▶ [Your instructions]
Whenever a line in the material below includes "None", copy that line.
** Data for review follows **
Lemma partial_ok_cone_smooth m u o : valid_dir d o -> cone_smooth m u -> partial_ok m o u.
Proof.
  intros Ho Hu. induction Hu as [b e Hb | | i | k | u v _ [Eu Su] _ [Ev Sv]
                                | u v Hu [Eu Su] Hv [Ev Sv] | u v _ [Eu Su] Huv].
  - apply partial_ok_phi; auto.
  - apply (partial_ok_const_deriv _ _ _ (if o then 0 else 1)). intros x t.
    destruct o; simpl; split;
      auto using ex_derive_const, ex_derive_id, Derive_const, Derive_id.
  - apply (partial_ok_const_deriv _ _ _ 
      (match o with Some j => if Nat.eqb i j then 1 else 0 | None => 0 end)).
    intros x t. destruct o as [j |]; simpl; [unfold upd; destruct (Nat.eqb_spec i j) |]; split;
      auto using ex_derive_const, ex_derive_id, Derive_const, Derive_id.
  - apply (partial_ok_const_deriv _ _ _ 0). intros x t.
    destruct o; simpl; split; auto using ex_derive_const, Derive_const.
  - split.
    + intros x t HU. pose proof (Eu x t HU) as Du. pose proof (Ev x t HU) as Dv.
      destruct o; simpl in *; exact (ex_derive_plus _ _ _ Du Dv).
    + apply (cone_smooth_ext m (fun x t => partial o u x t + partial o v x t));
        [constructor; auto |].
      intros x t HU. pose proof (Eu x t HU) as Du. pose proof (Ev x t HU) as Dv.
      destruct o; simpl in *; symmetry; exact (Derive_plus _ _ _ Du Dv).
  - split.
    + intros x t HU. pose proof (Eu x t HU) as Du. pose proof (Ev x t HU) as Dv.
      destruct o; simpl in *; exact (ex_derive_mult _ _ _ Du Dv).
    + apply (cone_smooth_ext m (fun x t => partial o u x t * v x t + u x t * partial o v x t));
        [apply cone_smooth_plus; apply cone_smooth_mult; auto |].
      intros x t HU. pose proof (Eu x t HU) as Du. pose proof (Ev x t HU) as Dv.
      destruct o; simpl in *; rewrite (Derive_mult _ _ _ Du Dv), ?upd_id; reflexivity.
  - split.
    + intros x t HU. apply (ex_partial_ext_cone o u); auto.
    + apply (cone_smooth_ext m (partial o u)); auto.
      intros x t HU. apply partial_ext_cone; auto.
Qed.

Lemma cone_smooth_iter_partial m u l : cone_smooth m u -> List.Forall (valid_dir d) l ->
  cone_smooth m (iter_partial l u).
Proof.
  intros Hu. induction l as [| o l IH]; intros Hl; simpl; auto.
  inversion Hl; subst. apply partial_ok_cone_smooth; auto.
Qed.

Definition wave_coef (m e : R) (b : nat -> R) (k : nat) : R :=
  4 * c ^ 2 * euler_coef m (e - 1) (euler_coef m e b) k
  + 2 * c ^ 2 * (INR d + 1) * euler_coef m e b k.

Lemma entire_wave_coef m e b : entire b -> entire (wave_coef m e b).
Proof. intros. apply entire_plus; apply entire_scal; repeat apply entire_euler_coef; auto. Qed.

(* With [s = sq_interval d c x t]: [u_tt = 4 c^4 t^2 phi'' + 2 c^2 phi'] and
   [u_(x_j x_j) = 4 x_j^2 phi'' - 2 phi'], so the wave operator gives
   [4 c^2 s phi'' + 2 c^2 (d + 1) phi']. *)
Lemma wave_op_phi m b e x t : entire b -> cone_sq d c x t ->
  wave_op d c (fun x t => phi m b e (sq_interval d c x t)) x t
  = phi m (wave_coef m e b) (e - 1) (sq_interval d c x t).
Proof.
  intros Hb HU.
  set (b1 := euler_coef m e b). set (b2 := euler_coef m (e - 1) b1).
  assert (Hb1 : entire b1) by (apply entire_euler_coef; auto).
  assert (Hb2 : entire b2) by (apply entire_euler_coef; auto).
  set (u := fun x t => phi m b e (sq_interval d c x t)).
  set (P1 := phi m b1 (e - 1) (sq_interval d c x t)).
  set (P2 := phi m b2 (e - 1 - 1) (sq_interval d c x t)).
  assert (Htt : partial None (partial None u) x t = P2 * (2 * c ^ 2 * t) ^ 2 + P1 * (2 * c ^ 2)).
  { rewrite (partial_ext_cone None _ (fun x t => phi m b1 (e - 1) (sq_interval d c x t) * (2 * c ^ 2 * t)))
      by (auto; intros; apply is_derive_unique, is_derive_phi_interval_t; auto).
    apply is_derive_unique. eapply is_derive_val.
    - apply (Derive.is_derive_mult (fun s => phi m b1 (e - 1) (sq_interval d c x s))).
      + apply is_derive_phi_interval_t; auto.
      + auto_derive; auto.
    - R_eq. unfold P1, P2, b2. ring. }
  assert (Hxx : forall j, (j < d)%nat ->
    partial (Some j) (partial (Some j) u) x t = 4 * P2 * x j ^ 2 + -2 * P1).
  { intros j Hj.
    rewrite (partial_ext_cone (Some j) _ (fun x t => phi m b1 (e - 1) (sq_interval d c x t) * (-2 * x j)))
      by (auto; intros; apply is_derive_unique, is_derive_phi_interval_x; auto).
    apply is_derive_unique.
    apply (is_derive_ext (fun s => phi m b1 (e - 1) (sq_interval d c (upd x j s) t) * (-2 * s)));
      [intros s; rewrite upd_eq; reflexivity |].
    eapply is_derive_val.
    - apply (Derive.is_derive_mult (fun s => phi m b1 (e - 1) (sq_interval d c (upd x j s) t))).
      + apply is_derive_phi_interval_x; auto.
      + auto_derive; auto.
    - rewrite upd_id. R_eq. unfold P1, P2, b2. ring. }
  unfold wave_op. fold u. rewrite Htt, (sum_lt_ext d _ _ Hxx), sum_lt_affine.
  unfold wave_coef. rewrite phi_plus, !phi_scal by (apply entire_scal; auto).
  fold b1 b2. fold P1.
  rewrite <- (phi_pred m b2 (e - 1)) by apply HU. fold P2.
  unfold sq_interval. ring.
Qed.

Fixpoint wave_coef_iter (m : R) (b : nat -> R) (n : nat) : nat -> R :=
  match n with
  | O => b
  | S n' => wave_coef m (-1 - INR n') (wave_coef_iter m b n')
  end.

Lemma entire_wave_coef_iter m b n : entire b -> entire (wave_coef_iter m b n).
Proof. intros Hb. induction n; simpl; auto. apply entire_wave_coef; auto. Qed.

Lemma wave_op_iter_phi m b u : entire b ->
  (forall x t, cone_sq d c x t -> u x t = phi m b (-1) (sq_interval d c x t)) ->
  forall n x t, cone_sq d c x t ->
  wave_op_iter n d c u x t = phi m (wave_coef_iter m b n) (-1 - INR n) (sq_interval d c x t).
Proof.
  intros Hb Hu n. induction n as [| n IH]; intros x t HU; cbn [wave_op_iter wave_coef_iter].
  - rewrite Hu by auto. f_equal. simpl. ring.
  - rewrite (wave_op_ext_cone _ (fun x t => phi m (wave_coef_iter m b n) (-1 - INR n) (sq_interval d c x t)))
      by auto.
    rewrite wave_op_phi by (auto; apply entire_wave_coef_iter; auto).
    f_equal. rewrite S_INR. ring.
Qed.

Lemma wave_coef_iter_closed m b n k : INR d + 1 = 2 * m + 2 ->
  wave_coef_iter m b n k
  = (4 * c ^ 2) ^ n * falling (m * INR k) n * falling (m * INR k + m) n * b k.
Proof.
  intros Hd. induction n as [| n IH]; cbn [wave_coef_iter falling]; [ring |].
  unfold wave_coef, euler_coef. rewrite IH, Hd. simpl. ring.
Qed.

End Cone.

Lemma Gamma_add_nat_ge z N : 1 <= z -> (1 <= N)%nat -> z * Gamma z <= Gamma (z + INR N).
Proof.
  intros Hz HN.
  rewrite (Gamma_falling N (z + INR N)) by lra. replace (z + INR N - INR N) with z by ring.
  pose proof (falling_ge N (z + INR N) HN ltac:(lra)). replace (z + INR N - INR N) with z in H by ring.
  pose proof (Gamma_pos z ltac:(lra)). nra.
Qed.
** End of Data for review **
▶ [Written answer]
      (match o with Some j => if Nat.eqb i j then 1 else 0 | None => 0 end)).
  assert (Htt : partial None (partial None u) x t = P2 * (2 * c ^ 2 * t) ^ 2 + P1 * (2 * c ^ 2)).
  { rewrite (partial_ext_cone None _ (fun x t => phi m b1 (e - 1) (sq_interval d c x t) * (2 * c ^ 2 * t)))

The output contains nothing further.